Comment 9 Nir Soffer 2017-12-18 23:55:14 UTC

(In reply to Simone Tiraboschi from comment #8)
> 2017-12-14 03:27:07,119-0500 INFO  (jsonrpc/1) [jsonrpc.JsonRpcServer] RPC
> call VM.create succeeded in 0.02 seconds (__init__:573)
> 
> and so we expected that the VM has successfully been created and we start
> polling about its status.
> But, on overloaded systems, the first request now fails with:
> 
> 2017-12-14 03:27:07,135-0500 INFO  (jsonrpc/2) [api.virt] FINISH getStats
> return={'status': {'message': 'General Exception: ("VM
> \'9feb6e29-2785-43ca-91db-0abc96217847\' was not defined yet or was
> undefined",)', 'code': 100}} from=::1,44714 (api:52)
> 2017-12-14 03:27:07,135-0500 INFO  (jsonrpc/2) [jsonrpc.JsonRpcServer] RPC
> call VM.getStats failed (error 100) in 0.00 seconds (__init__:573)

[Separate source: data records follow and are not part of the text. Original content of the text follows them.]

(* Let $n \ge m$ be natural numbers and let $g(x)=a_m x^m + \dots + a_1 x + a_0$ be a polynomial with integer coefficients. Then \[ \sum_{k=0}^{n} g(k)\binom{n}{k}\, d(n-k) = \left(\sum_{i=0}^{m} a_i B_i\right) n!. \]
   Context: For a nonnegative integer $r$, $d(r)$ denotes the number of derangements of $\{1,\dots,r\}$ (permutations with no fixed point), with $d(0)=1$. $B_i$ denotes the $i$-th Bell number, the number of partitions of an $i$-element set into nonempty blocks, with $B_0=1$. *)

From mathcomp Require Import all_boot all_order all_algebra all_fingroup.
Set Implicit Arguments. Unset Strict Implicit. Unset Printing Implicit Defensive.
Import GRing.Theory Num.Theory.

Definition derange (r : nat) : nat :=
  #|[set s : 'S_r | [forall i : 'I_r, s i != i]]|.

(* B_i: number of partitions of an i-element set ('I_i) into nonempty blocks
   (mathcomp's [partition] requires blocks to be nonempty). B_0 = 1. *)
Definition bell (i : nat) : nat :=
  #|[set P : {set {set 'I_i}} | partition P [set: 'I_i]]|.

(* Grouping the permutations of a finite set A by their set of moved points
   gives |A|! = sum_(M <= A) d(M), where d(M) counts the derangements of M; by
   strong induction on |A| this shows that d(M) only depends on |M|, and yields
   n! = sum_k C(n,k) d(n-k).  Since k C(n,k) = n C(n-1,k-1), shifting the index
   turns this into sum_k k^(j) C(n,k) d(n-k) = n! for every falling factorial
   k^(j) = k (k-1) ... (k-j+1) with j <= n.  Grouping the maps from an i-set to
   a k-set by their kernel gives k^i = sum_P k^(|P|) over the set partitions P
   of the i-set, so sum_k k^i C(n,k) d(n-k) = B_i n! for i <= n, and the
   theorem follows by linearity in g. *)

From mathcomp Require Import all_boot all_order all_algebra all_fingroup.
Set Implicit Arguments. Unset Strict Implicit. Unset Printing Implicit Defensive.

Lemma sum_subsets_card (T : finType) (A : {set T}) (F : nat -> nat) :
  \sum_(M : {set T} | M \subset A) F #|M| = \sum_(k < #|A|.+1) 'C(#|A|, k) * F k.
Proof.
have card_lt (M : {set T}) : M \subset A -> #|M| < #|A|.+1.
  by move=> sMA; rewrite ltnS subset_leq_card.
rewrite (partition_big (fun M : {set T} => (inord #|M| : 'I_#|A|.+1)) predT) //=.
apply: eq_bigr => k _; rewrite -cards_draws -sum_nat_const.
apply: eq_big => [M | M /andP[sMA /eqP <-]]; last by rewrite inordK ?card_lt.
rewrite !inE; case sMA: (M \subset A) => //=.
by rewrite -val_eqE /= inordK ?card_lt.
Qed.

Section DerangementsOn.
Variable T : finType.

Definition derange_on (A : {set T}) : nat :=
  #|[set s : {perm T} | perm_on A s & [forall x in A, s x != x]]|.

Lemma fact_card_sum_derange_on (A : {set T}) :
  #|A|`! = \sum_(M : {set T} | M \subset A) derange_on M.
Proof.
rewrite -card_perm -sum1_card.
rewrite (partition_big (fun s : {perm T} => [set x | s x != x])
                       (fun M => M \subset A)); last first.
  by move=> s sA; apply: subset_trans sA; apply/subsetP => x; rewrite inE.
apply: eq_bigr => M sMA; rewrite sum1dep_card; apply: eq_card => s.
rewrite !inE /perm_on; apply/andP/andP => [[_ /eqP <-] | [sM /forall_inP sMx]].
  split; first by apply/subsetP => x; rewrite !inE.
  by apply/forall_inP => x; rewrite inE.
split; first exact: subset_trans sM sMA.
rewrite eqEsubset; apply/andP; split; apply/subsetP => x; rewrite inE.
  by move=> sx; apply: (subsetP sM); rewrite inE.
by move/sMx.
Qed.

Lemma derange_on_rec (A : {set T}) :
    (forall M : {set T}, M \proper A -> derange_on M = derange #|M|) ->
  derange_on A + \sum_(k < #|A|) 'C(#|A|, k) * derange k = #|A|`!.
Proof.
move=> derange_on_proper.
have sum_proper : \sum_(M : {set T} | (M \subset A) && (M != A)) derange #|M|
                  = \sum_(k < #|A|) 'C(#|A|, k) * derange k.
  have := sum_subsets_card A derange.
  by rewrite big_ord_recr (bigD1 A) //= binn mul1n addnC => /addIn.
rewrite fact_card_sum_derange_on [RHS](bigD1 A) //= -sum_proper; congr (_ + _).
apply: eq_bigr => M /andP[sMA nMA]; apply/esym/derange_on_proper.
by rewrite properEneq nMA.
Qed.

End DerangementsOn.

Lemma derange_on_setT (r : nat) : derange_on [set: 'I_r] = derange r.
Proof.
apply: eq_card => s; rewrite !inE.
have -> : perm_on [set: 'I_r] s by apply/subsetP => x; rewrite inE.
by apply/forall_inP/forallP => sx x //; apply: sx.
Qed.

Lemma derange_onE (T : finType) (A : {set T}) : derange_on A = derange #|A|.
Proof.
move: {2}#|A|.+1 (ltnSn #|A|) => r; elim: r T A => [//|r IH] T A ltAr.
have IH_proper (U : finType) (B : {set U}) : #|B| <= r ->
    forall M : {set U}, M \proper B -> derange_on M = derange #|M|.
  by move=> leBr M ltMB; apply: IH; apply: leq_trans (proper_card ltMB) leBr.
(* [A] and ['I_#|A|] satisfy the same recursion [derange_on_rec]. *)
have := derange_on_rec (IH_proper _ _ ltAr).
have setT_le : #|[set: 'I_#|A|]| <= r by rewrite cardsT card_ord.
have := derange_on_rec (IH_proper _ _ setT_le).
by rewrite cardsT card_ord derange_on_setT => <- /addIn.
Qed.

Lemma sum_binomial_derange (n : nat) :
  \sum_(0 <= k < n.+1) 'C(n, k) * derange (n - k) = n`!.
Proof.
transitivity (\sum_(k < n.+1) 'C(n, k) * derange k).
  rewrite big_nat_rev big_mkord; apply: eq_bigr => k _.
  by rewrite add0n subSS subKn ?bin_sub // -ltnS.
rewrite big_ord_recr /= binn mul1n addnC.
have := derange_on_rec (fun M _ => derange_onE M) (A := [set: 'I_n]).
by rewrite cardsT card_ord derange_on_setT.
Qed.

Lemma sum_ffact_binomial_derange (j n : nat) : j <= n ->
  \sum_(0 <= k < n.+1) k ^_ j * ('C(n, k) * derange (n - k)) = n`!.
Proof.
elim: j n => [|j IH] n le_jn.
  by rewrite -sum_binomial_derange; apply: eq_bigr => k _; rewrite ffactn0 mul1n.
case: n le_jn => [//|n] le_jn.
rewrite big_nat_recl // ffact0n add0n factS -(IH n le_jn) big_distrr /=.
apply: eq_bigr => k _; rewrite ffactSS subSS.
rewrite -mulnA mulnCA (mulnA k.+1) -mul_bin_diag /=.
by rewrite [RHS]mulnCA !mulnA.
Qed.

Lemma leq_card_partition (T : finType) (P : {set {set T}}) (D : {set T}) :
  partition P D -> #|P| <= #|D|.
Proof.
move=> partP; rewrite (card_partition partP) -sum1_card.
by apply: leq_sum => B PB; rewrite card_gt0 (partition_neq0 partP PB).
Qed.

Section MapsWithGivenKernel.
Variables (T K : finType) (P : {set {set T}}).
Hypothesis partP : partition P [set: T].

Let coverP (x : T) : x \in cover P.
Proof. by rewrite (cover_partition partP) inE. Qed.

Let tiP : trivIset P := partition_trivIset partP.

Lemma preim_partition_eqP (f : T -> K) :
  reflect (forall x y, (f x == f y) = (pblock P x == pblock P y))
          (preim_partition f [set: T] == P).
Proof.
apply: (iffP eqP) => [ker_f x y | same_f].
  rewrite eq_pblock ?coverP ?tiP // -ker_f pblock_equivalence_partition ?inE //.
  by split => // /eqP ->.
rewrite -(preim_partition_pblock partP); apply: eq_in_imset => x _.
by apply/setP => y; rewrite !inE same_f.
Qed.

Definition block : Type := {B : {set T} | B \in P}.

Definition block_of (x : T) : block :=
  exist _ (pblock P x) (pblock_mem (coverP x)).

Lemma block_nonempty (B : block) : exists x, x \in val B.
Proof. by case: B => B PB; apply/set0Pn; apply: partition_neq0 partP PB. Qed.

Definition block_rep (B : block) : T := xchoose (block_nonempty B).

Lemma block_of_rep (B : block) : block_of (block_rep B) = B.
Proof.
apply: val_inj; case: B => B PB /=.
exact: def_pblock tiP PB (xchooseP (block_nonempty (exist _ B PB))).
Qed.

Lemma eq_block_of (x y : T) :
  (block_of x == block_of y) = (pblock P x == pblock P y).
Proof. by rewrite -val_eqE. Qed.

Definition lift_blocks (g : {ffun block -> K}) : {ffun T -> K} :=
  [ffun x => g (block_of x)].

Lemma lift_blocks_inj : injective lift_blocks.
Proof.
move=> g1 g2 /ffunP eq_g; apply/ffunP => B.
by have := eq_g (block_rep B); rewrite !ffunE block_of_rep.
Qed.

Lemma preim_partition_eq_image :
  [set f : {ffun T -> K} | preim_partition f [set: T] == P] =
  lift_blocks @: [set g : {ffun block -> K} | injectiveb g].
Proof.
apply/setP => f; rewrite inE; apply/preim_partition_eqP/imsetP => [same_f | ].
  exists [ffun B => f (block_rep B)].
    rewrite inE; apply/injectiveP => B1 B2; rewrite !ffunE => /eqP.
    by rewrite same_f -eq_block_of !block_of_rep => /eqP.
  apply/ffunP => x; rewrite !ffunE; apply/eqP.
  by rewrite same_f -eq_block_of block_of_rep.
case=> g; rewrite inE => /injectiveP inj_g -> x y.
by rewrite !ffunE (inj_eq inj_g) eq_block_of.
Qed.

Lemma card_preim_partition_eq :
  #|[set f : {ffun T -> K} | preim_partition f [set: T] == P]| = #|K| ^_ #|P|.
Proof.
rewrite preim_partition_eq_image card_imset; last exact: lift_blocks_inj.
by rewrite card_inj_ffuns card_sig.
Qed.

End MapsWithGivenKernel.

Lemma card_ffun_sum_partitions (T K : finType) :
  #|K| ^ #|T| = \sum_(P : {set {set T}} | partition P [set: T]) #|K| ^_ #|P|.
Proof.
rewrite -card_ffun -sum1_card.
rewrite (partition_big (fun f : {ffun T -> K} => preim_partition f [set: T])
           (fun P => partition P [set: T])) => [|f _]; last exact: preim_partitionP.
apply: eq_bigr => P partP; rewrite -(card_preim_partition_eq K partP) sum1dep_card.
by apply: eq_card => f; rewrite !inE.
Qed.

Lemma expn_sum_ffact_partitions (i k : nat) :
  k ^ i = \sum_(P : {set {set 'I_i}} | partition P [set: 'I_i]) k ^_ #|P|.
Proof. by have := card_ffun_sum_partitions 'I_i 'I_k; rewrite !card_ord. Qed.

Lemma sum_expn_binomial_derange (i n : nat) : i <= n ->
  \sum_(0 <= k < n.+1) k ^ i * ('C(n, k) * derange (n - k)) = bell i * n`!.
Proof.
move=> le_in.
under eq_bigr do rewrite expn_sum_ffact_partitions big_distrl /=.
rewrite exchange_big /= /bell -sum1_card big_distrl /=.
apply: eq_big => [P | P partP]; first by rewrite inE.
rewrite mul1n sum_ffact_binomial_derange //.
by apply: leq_trans (leq_card_partition partP) _; rewrite cardsT card_ord.
Qed.

Import GRing.Theory Num.Theory.
Local Open Scope ring_scope.

Theorem theorem2 (n m : nat) (g : {poly int}) (hmn : (m <= n)%N)
  (hg : (size g <= m.+1)%N) :
  \sum_(0 <= k < n.+1) g.[k%:Z] * ('C(n, k) * derange (n - k))%:Z
  = (\sum_(0 <= i < m.+1) g`_i * (bell i)%:Z) * (n`!)%:Z.
Proof.
under eq_bigr do rewrite (horner_coef_wide _ hg) big_distrl /=.
rewrite exchange_big big_mkord big_distrl /=; apply: eq_bigr => i _.
have le_in : (i <= n)%N := leq_trans (ltnSE (ltn_ord i)) hmn.
rewrite -mulrA -PoszM -(sum_expn_binomial_derange le_in).
rewrite (big_morph Posz PoszD (erefl 0%:Z)) big_distrr /=.
apply: eq_bigr => k _; rewrite -mulrA !PoszM; congr (_ * (_ * _)).
by rewrite -[RHS]natz natrX natz.
Qed.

Milan, is this correct expectation? Did we change the behavior?

Comment 10 Milan Zamazal 2017-12-19 14:17:50 UTC

getStats fails when attempting to update disk mapping metadata. That's not intended, we work on fixes.

Comment 11 Nikolai Sednev 2018-01-11 16:56:12 UTC

Not reproduced on real HW, moving to verified as it worked fine for me.
Please reopen if still happens on real hardware environment.

Comment 12 Sandro Bonazzola 2018-02-12 11:57:23 UTC

This bugzilla is included in oVirt 4.2.1 release, published on Feb 12th 2018.

Since the problem described in this bug report should be
resolved in oVirt 4.2.1 release, it has been closed with a resolution of CURRENT RELEASE.

If the solution does not work for you, please open a new bug report.